Esfregando os olhos doloridos, ele se levantou da cama, que tinha deixado com as cortinas abertas.
— Seowoon, você está dormindo?
A voz gentil do Tio apagou instantaneamente os últimos resquícios de sono. Mesmo com a maçaneta quebrada, o Tio não entrou de supetão, e sim bateu de novo.
— Tio!
Seowoon correu pelo curto corredor que levava ao quarto e escancarou a porta. Ficou agradavelmente surpreso ao ver o Tio sorrindo de forma tão calorosa. Ainda ontem, ele nem tinha conseguido olhar direito para ele, porque estava preocupado em ser pego bisbilhotando Cahaya.
— Seowoon, você emagreceu.
— Não se preocupe, Tio. Eu vou engordar um pouco.
O Tio tinha deixado a barba crescer bastante nesse meio-tempo, o que lhe dava uma aparência bem distinta.
Em vez de cumprimentar o Tio com uma conversa educada sobre quando ele tinha chegado, Seowoon apenas espiou por trás dele, esperando vislumbrar Cahaya.
Vendo que não havia mais ninguém além do Tio ali, Seowoon tentou esconder a decepção.
Ele conduziu o Tio até o sofá e preparou duas xícaras de café em cápsula. Normalmente, ele não tomaria café em jejum, mas hoje precisava espantar o cansaço.

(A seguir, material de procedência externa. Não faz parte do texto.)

(* Every regular element $\gamma\in\mathfrak{t}(F)$ is conjugate under the Weyl group $W=\mathfrak{S}_d$ to at least one element in minimal form.
   Context: $F=k((\epsilon))$ with $\mathrm{val}(\epsilon)=1$; $G=\mathrm{GL}_d$, $T$ the diagonal torus, $\mathfrak{t}$ its Lie algebra; $W=\mathfrak{S}_d$ acts by permuting diagonal entries. For $\gamma=\mathrm{diag}(\gamma_1,\dots,\gamma_d)$, $\alpha_{i,j}(\gamma)=\gamma_i-\gamma_j$ and $\alpha_l=\alpha_{l,l+1}$. A regular $\gamma\in\mathfrak{t}(F)$ is in minimal form if $\mathrm{val}(\alpha_{i,j}(\gamma))=\min_{i\le l\le j-1}\mathrm{val}(\alpha_l(\gamma))$ for all $1\le i<j\le d$. *)

From HB Require Import structures.
From mathcomp Require Import all_boot all_order all_algebra all_fingroup.
From Stdlib Require Import ClassicalEpsilon.
Set Implicit Arguments. Unset Strict Implicit. Unset Printing Implicit Defensive.
Import Order.TTheory GRing.Theory Num.Theory.
Local Open Scope ring_scope.

(* F = k((eps)): formal Laurent series over a field k, represented by their
   coefficient functions int -> k with support bounded below.
   The coefficient of eps^n of x is (val x) n. *)
Definition laurent (k : fieldType) :=
  {f : int -> k | exists N : int, forall n : int, n < N -> f n = 0}.

Definition lsub (k : fieldType) (x y : laurent k) : laurent k.
Proof.
exists (fun n => proj1_sig x n - proj1_sig y n).
case: (proj2_sig x) => N1 H1; case: (proj2_sig y) => N2 H2.
exists (Num.min N1 N2) => n; rewrite lt_min => /andP[h1 h2].
by rewrite H1 // H2 // subr0.
Defined.

(* the eps-adic valuation, with values in int extended by +oo (= None):
   val x = Some n iff n is the least index with nonzero coefficient;
   val 0 = None (= +oo). *)
Definition is_val (k : fieldType) (x : laurent k) (v : option int) : Prop :=
  match v with
  | None => forall n, proj1_sig x n = 0
  | Some n => proj1_sig x n != 0 /\ forall m, m < n -> proj1_sig x m = 0
  end.

Definition lval (k : fieldType) (x : laurent k) : option int :=
  epsilon (inhabits None) (is_val x).

Definition omin (a b : option int) : option int :=
  match a, b with
  | None, _ => b
  | _, None => a
  | Some m, Some n => Some (Num.min m n)
  end.

(* an element gamma = diag(gamma_0, ..., gamma_{d-1}) of t(F) (0-indexed) *)
Definition alpha (k : fieldType) (d : nat) (g : 'I_d -> laurent k) (i j : 'I_d) :=
  lsub (g i) (g j).

(* regular: all roots alpha_{i,j}(g) = g_i - g_j, i <> j, are nonzero,
   i.e. the diagonal entries are pairwise distinct *)
Definition regular (k : fieldType) (d : nat) (g : 'I_d -> laurent k) : Prop :=
  forall i j : 'I_d, i != j -> g i <> g j.

Definition alpha_simple (k : fieldType) (d : nat) (g : 'I_d -> laurent k)
  (l : nat) : option int :=
  match insub l, insub l.+1 with
  | Some i, Some j => lval (@alpha k d g i j)
  | _, _ => None
  end.

Definition minimal_form (k : fieldType) (d : nat) (g : 'I_d -> laurent k) : Prop :=
  forall i j : 'I_d, (i < j)%N ->
    lval (alpha g i j) = \big[omin/None]_(i <= l < j) alpha_simple g l.

Definition weyl_act (k : fieldType) (d : nat) (w : {perm 'I_d})
  (g : 'I_d -> laurent k) : 'I_d -> laurent k := fun i => g (w i).

From mathcomp Require Import all_boot all_order all_algebra all_fingroup.
From mathcomp Require Import zify.
From Stdlib Require Import ClassicalEpsilon FunctionalExtensionality ProofIrrelevance.
Set Implicit Arguments. Unset Strict Implicit. Unset Printing Implicit Defensive.
Import Order.TTheory GRing.Theory Num.Theory.
Local Open Scope ring_scope.

(* Sort the diagonal entries lexicographically by their coefficient sequences;
   since k need not be ordered, the coefficients of eps^n are compared through
   their first position among the finitely many values occurring at index n.
   If gamma_i precedes gamma_j and n = val(gamma_i - gamma_j) is the first index
   where they differ, then every gamma_l in between agrees with both below n.
   Hence each simple root alpha_l, i <= l < j, has valuation at least n, and as
   the coefficient of eps^n changes somewhere between i and j, one of them has
   valuation exactly n. *)

Definition ole (n : int) (o : option int) : Prop :=
  if o is Some m then n <= m else True.

Section Valuation.
Variable k : fieldType.
Implicit Types (x y : laurent k) (f : int -> k).

Definition lcoef x : int -> k := proj1_sig x.

Definition agree x y (n : int) := forall m, m < n -> lcoef x m = lcoef y m.

Lemma agree_sym x y n : agree x y n -> agree y x n.
Proof. by move=> xy m /xy. Qed.

Lemma agree_trans x y z n : agree x y n -> agree y z n -> agree x z n.
Proof. by move=> xy yz m mn; rewrite xy // yz. Qed.

Lemma laurent_ext x y : lcoef x =1 lcoef y -> x = y.
Proof.
move=> e; apply: eq_sig_hprop => [f p q|]; first exact: proof_irrelevance.
exact: functional_extensionality.
Qed.

Lemma exists_least_nonzero f N m :
  (forall n, n < N -> f n = 0) -> f m != 0 ->
  exists n, f n != 0 /\ forall m, m < n -> f m = 0.
Proof.
move=> f0 fm; pose P (j : nat) := f (N + j%:Z) != 0.
have [j0 Pj0] : exists j, P j.
  exists `|m - N|%N; rewrite /P; have -> // : N + `|m - N|%N = m.
  suff : N <= m by lia.
  by rewrite leNgt; apply: contra fm => /f0 ->.
case: (ex_minnP (ex_intro P j0 Pj0)) => j Pj minj.
exists (N + j%:Z); split=> // m' lt_m'; case: (ltP m' N) => [/f0 //|le_Nm'].
apply/eqP; apply: contraTT lt_m' => nz; rewrite -leNgt.
suff : (j <= `|m' - N|)%N by lia.
by apply: minj; rewrite /P; have -> : N + `|m' - N|%N = m' by lia.
Qed.

Lemma lval_spec x : is_val x (lval x).
Proof.
rewrite /lval; apply: epsilon_spec.
have [x0|[m xm]] : (forall n, lcoef x n = 0) \/ exists m, lcoef x m != 0.
- case: (classic (exists m, lcoef x m != 0)) => [|no_m]; [by right|left].
  by move=> n; case: (eqVneq (lcoef x n) 0) => // ?; case: no_m; exists n.
- by exists None.
- case: (proj2_sig x) => N x0; have [n ?] := exists_least_nonzero x0 xm.
  by exists (Some n).
Qed.

Lemma lval_eq x v : is_val x v -> lval x = v.
Proof.
have := lval_spec x; case: (lval x) => [n|]; case: v => [m|] //=.
- move=> [xn ltn] [xm ltm]; case: (ltgtP n m) => [/ltm|/ltn|->//].
    by move/eqP: xn.
  by move/eqP: xm.
- by move=> [xn _] x0; rewrite x0 eqxx in xn.
- by move=> x0 [xm _]; rewrite x0 eqxx in xm.
Qed.

Lemma lval_sub_Some x y n :
  agree x y n -> lcoef x n != lcoef y n -> lval (lsub x y) = Some n.
Proof.
move=> xy xny; apply: lval_eq; split=> [|m /xy xym]; first by rewrite /= subr_eq0.
by apply/eqP; rewrite subr_eq0; apply/eqP.
Qed.

Lemma lval_sub_ge x y n : agree x y n -> ole n (lval (lsub x y)).
Proof.
move=> xy; have := lval_spec (lsub x y); case: lval => [m [xym _]|_] //=.
by rewrite leNgt; apply: contra xym => /xy /= e; rewrite subr_eq0; apply/eqP.
Qed.

Lemma first_difference x y :
  x <> y -> exists n, agree x y n /\ lcoef x n != lcoef y n.
Proof.
move=> xy; have := lval_spec (lsub x y); case: lval => [n [xyn below]|x0].
  exists n; split; last by rewrite -subr_eq0.
  by move=> m /below /eqP /=; rewrite subr_eq0 => /eqP.
by case: xy; apply: laurent_ext => n; apply/eqP; rewrite -subr_eq0; apply/eqP/x0.
Qed.

End Valuation.

Lemma ole_omin n a b : ole n a -> ole n b -> ole n (omin a b).
Proof. by case: a b => [a|] [b|] //=; rewrite le_min => -> ->. Qed.

Lemma omin_SomeL n a : ole n a -> omin (Some n) a = Some n.
Proof. by case: a => //= a /min_idPl ->. Qed.

Lemma omin_SomeR n a : ole n a -> omin a (Some n) = Some n.
Proof. by case: a => //= a /min_idPr ->. Qed.

Lemma big_omin_ge (I : eqType) n (r : seq I) (F : I -> option int) :
  (forall l, l \in r -> ole n (F l)) -> ole n (\big[omin/None]_(l <- r) F l).
Proof. by move=> Fr; rewrite big_seq; apply: big_ind => //; apply: ole_omin. Qed.

Lemma big_omin_eq (I : eqType) n (r : seq I) (F : I -> option int) :
  (forall l, l \in r -> ole n (F l)) -> (exists2 l, l \in r & F l = Some n) ->
  \big[omin/None]_(l <- r) F l = Some n.
Proof.
elim: r => [|a r IH] Fr [l //]; rewrite big_cons in_cons => /predU1P[->|lr] Fl.
  rewrite Fl omin_SomeL //; apply: big_omin_ge => l' l'r.
  by apply: Fr; rewrite in_cons l'r orbT.
rewrite IH; [exact/omin_SomeR/Fr/mem_head| |by exists l].
by move=> l' l'r; apply: Fr; rewrite in_cons l'r orbT.
Qed.

Lemma exists_adjacent_neq (T : eqType) (f : nat -> T) i j :
  (i <= j)%N -> f i != f j -> exists2 l, (i <= l < j)%N & f l != f l.+1.
Proof.
elim: j => [|j IH]; first by rewrite leqn0 => /eqP->; rewrite eqxx.
rewrite leq_eqVlt => /predU1P[->|le_ij]; first by rewrite eqxx.
case: (eqVneq (f j) (f j.+1)) => [<- fij|fj _]; last by exists j => //; lia.
by have [l il fl] := IH le_ij fij; exists l => //; lia.
Qed.

Lemma big_omin_lval_adjacent (k : fieldType) (x : nat -> laurent k) i j n :
  (i < j)%N -> (forall l, (i <= l <= j)%N -> agree (x i) (x l) n) ->
  lcoef (x i) n != lcoef (x j) n ->
  \big[omin/None]_(i <= l < j) lval (lsub (x l) (x l.+1)) = Some n.
Proof.
move=> lt_ij near xij.
have adj l : (i <= l < j)%N -> agree (x l) (x l.+1) n.
  by move=> /andP[il lj]; apply: agree_trans (agree_sym (near l _)) (near l.+1 _); lia.
apply: big_omin_eq => [l|].
  by rewrite mem_index_iota => /adj; apply: lval_sub_ge.
have [l il xl] := exists_adjacent_neq (f := fun l => lcoef (x l) n) (ltnW lt_ij) xij.
by exists l; [rewrite mem_index_iota | apply: lval_sub_Some (adj l il) xl].
Qed.

Section LexicographicOrder.
Variables (k : fieldType) (T : finType) (x : T -> laurent k).

Definition coef_rank (n : int) (a : T) : nat :=
  index (lcoef (x a) n) [seq lcoef (x t) n | t <- enum T].

Lemma coef_rank_eq n a b :
  lcoef (x a) n = lcoef (x b) n -> coef_rank n a = coef_rank n b.
Proof. by rewrite /coef_rank => ->. Qed.

Lemma coef_rank_inj n a b :
  coef_rank n a = coef_rank n b -> lcoef (x a) n = lcoef (x b) n.
Proof.
have mem c : lcoef (x c) n \in [seq lcoef (x t) n | t <- enum T].
  by apply: map_f; rewrite mem_enum.
by move=> e; rewrite -(nth_index 0 (mem a)) -(nth_index 0 (mem b)); congr nth.
Qed.

Lemma coef_rank_lt_neq n a b :
  (coef_rank n a < coef_rank n b)%N -> lcoef (x a) n != lcoef (x b) n.
Proof. by move=> lt_ab; apply/eqP => /coef_rank_eq e; rewrite e ltnn in lt_ab. Qed.

Definition lex_lt a b :=
  exists n, agree (x a) (x b) n /\ (coef_rank n a < coef_rank n b)%N.

Lemma lex_lt_irr a : ~ lex_lt a a.
Proof. by case=> n [_]; rewrite ltnn. Qed.

Lemma lex_lt_trans a b c : lex_lt a b -> lex_lt b c -> lex_lt a c.
Proof.
move=> [p [ab_p ab]] [q [bc_q bc]]; case: (ltgtP p q) => [pq|qp|pq].
- exists p; split; last by rewrite -(coef_rank_eq (bc_q p pq)).
  by apply: agree_trans ab_p _ => m mp; apply: bc_q (lt_trans mp pq).
- exists q; split; last by rewrite (coef_rank_eq (ab_p q qp)).
  by apply: agree_trans _ bc_q => m mq; apply: ab_p (lt_trans mq qp).
- by subst q; exists p; split; [apply: agree_trans ab_p bc_q | apply: ltn_trans ab bc].
Qed.

Lemma lex_lt_total a b : x a <> x b -> lex_lt a b \/ lex_lt b a.
Proof.
move=> /first_difference [n [ab_n abn]].
case: (ltngtP (coef_rank n a) (coef_rank n b)) => [lt_ab|lt_ba|/coef_rank_inj e].
- by left; exists n.
- by right; exists n; split; first apply: agree_sym.
- by rewrite e eqxx in abn.
Qed.

Lemma lex_lt_between a b c n :
  lex_lt a b -> lex_lt b c -> agree (x a) (x c) n -> agree (x a) (x b) n.
Proof.
move=> [p [ab_p ab]] [q [bc_q bc]] ac; case: (leP n p) => [np|pn].
  by move=> m mn; apply: ab_p (lt_le_trans mn np).
have ac_p := coef_rank_eq (ac p pn); case: (ltgtP p q) => [pq|qp|pq].
- by move: ab; rewrite ac_p (coef_rank_eq (bc_q p pq)) ltnn.
- move: bc; rewrite -(coef_rank_eq (ab_p q qp)).
  by rewrite (coef_rank_eq (ac q (lt_trans qp pn))) ltnn.
- by subst q; move: (ltn_trans ab bc); rewrite ac_p ltnn.
Qed.

End LexicographicOrder.

Section SortingPermutation.
Variables (d : nat) (lt : 'I_d -> 'I_d -> Prop).
Hypotheses (lt_irr : forall a, ~ lt a a)
  (lt_trans : forall a b c, lt a b -> lt b c -> lt a c)
  (lt_total : forall a b, a != b -> lt a b \/ lt b a).

Let ltb a b : bool := if excluded_middle_informative (lt a b) then true else false.

Let ltbP a b : reflect (lt a b) (ltb a b).
Proof. by rewrite /ltb; case: excluded_middle_informative => h; constructor. Qed.

Let rank a := #|[set b | ltb b a]|.

Let rank_lt a : (rank a < d)%N.
Proof.
rewrite -[X in (_ < X)%N]card_ord -cardsT; apply: proper_card.
by rewrite properT; apply/eqP => /setP /(_ a); rewrite !inE => /ltbP /lt_irr.
Qed.

Let rank_mono a b : lt a b -> (rank a < rank b)%N.
Proof.
move=> ab; apply: proper_card; apply/properP; split.
  by apply/subsetP => c; rewrite !inE => /ltbP ca; apply/ltbP; apply: lt_trans ca ab.
by exists a; rewrite !inE; [apply/ltbP | apply/ltbP/lt_irr].
Qed.

Let rank_inj : injective (fun a => Ordinal (rank_lt a)).
Proof.
move=> a b /(congr1 val) /= e; apply/eqP; apply: contraT => ab.
by case: (lt_total ab) => /rank_mono; rewrite e ltnn.
Qed.

Lemma exists_sorting_perm :
  exists w : {perm 'I_d}, forall i j : 'I_d, (i < j)%N -> lt (w i) (w j).
Proof.
pose p := perm rank_inj; exists p^-1%g => i j ij.
have pE a : val (p a) = rank a by rewrite permE.
have rankK c : rank (p^-1%g c) = c by rewrite -pE permKV.
have : p^-1%g i != p^-1%g j by rewrite (inj_eq (@perm_inj _ _)) neq_ltn ij.
by case/lt_total => // /rank_mono; rewrite !rankK ltnNge (ltnW ij).
Qed.

End SortingPermutation.

Lemma alpha_simpleE (k : fieldType) (d : nat) (g : 'I_d -> laurent k) (i0 : 'I_d) l :
  (l.+1 < d)%N -> alpha_simple g l = lval (alpha g (insubd i0 l) (insubd i0 l.+1)).
Proof.
move=> ld; rewrite /alpha_simple /insubd.
case: insubP => [a _ _|/negP[]]; last exact: ltnW.
by case: insubP => [b _ _|/negP[]].
Qed.

Theorem mainTheorem18 (k : fieldType) (d : nat) (g : 'I_d -> laurent k) :
  regular g -> exists w : {perm 'I_d}, minimal_form (weyl_act w g).
Proof.
move=> reg.
have lex_total a b : a != b -> lex_lt g a b \/ lex_lt g b a.
  by move=> /reg; apply: lex_lt_total.
have [w sorted] := exists_sorting_perm (@lex_lt_irr _ _ g) (@lex_lt_trans _ _ g) lex_total.
exists w => i j ij; set h := weyl_act w g.
have [n [hij_n rank_ij]] := sorted i j ij.
have between (o : 'I_d) : (i <= o <= j)%N -> agree (h i) (h o) n.
  case/andP; case: (ltngtP i o) => // [io _|/val_inj <- _ _]; last by [].
  case: (ltngtP o j) => // [oj _|/val_inj -> _]; last exact: hij_n.
  exact: lex_lt_between (sorted _ _ io) (sorted _ _ oj) hij_n.
rewrite (lval_sub_Some hij_n (coef_rank_lt_neq rank_ij)).
have adjE l : (i <= l < j)%N ->
    alpha_simple h l = lval (lsub (h (insubd i l)) (h (insubd i l.+1))).
  by case/andP=> _ lj; apply: alpha_simpleE; apply: leq_ltn_trans lj (ltn_ord j).
rewrite (eq_big_nat _ _ adjE); symmetry.
apply: (big_omin_lval_adjacent (x := fun l => h (insubd i l))) => //.
- move=> l il; rewrite valKd; apply: between.
  by rewrite val_insubd; case: ifP => // _; rewrite leqnn ltnW.
- by rewrite !valKd; apply: coef_rank_lt_neq rank_ij.
Qed.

— Obrigado, Seowoon. Deve estar sendo muito difícil para você, né? Eu deixei você lidando com tudo sozinho.
— Só um pouquinho.
Seowoon apertou os olhos como se protestasse.
— Eu cheguei ontem e falei primeiro com o Cahaya.
— ……Ah, entendi.
O Tio tomou um gole do café e olhou com atenção para os olhos roxos de Seowoon.
— Você brigou com o Cahaya?
— Não.
Seowoon se assustou demais e balançou a cabeça, fazendo um pouco de café derramar e queimar levemente sua mão. Ele rapidamente limpou o café com a outra mão, tentando não demonstrar o desconcerto.
Ele não sabia como o Tio tinha interpretado a declaração de Cahaya de gostar dele, mas Seowoon não queria falar sobre isso. Mesmo que o Tio tivesse a sorte de ser de mente aberta, ele preferia evitar o assunto.
Pensando bem, Cahaya tinha confessado com ousadia seus sentimentos por Seowoon ao tio, alguém que o criou quase como um segundo pai. O próprio Seowoon nem sequer conseguia reunir coragem para falar de tais sentimentos com o próprio pai, então a ousadia de Cahaya era realmente admirável — embora ele não conseguisse fazer o mesmo com Seowoon.
Talvez Cahaya valorizasse a relação deles tanto quanto Seowoon.
Esse pensamento mexeu com seu coração.
— Tio, os preparativos do funeral estão indo bem, né? Eu só fiquei sabendo dos procedimentos pelo Cahaya.
Seowoon mudou de assunto antes que o Tio pudesse dizer mais alguma coisa.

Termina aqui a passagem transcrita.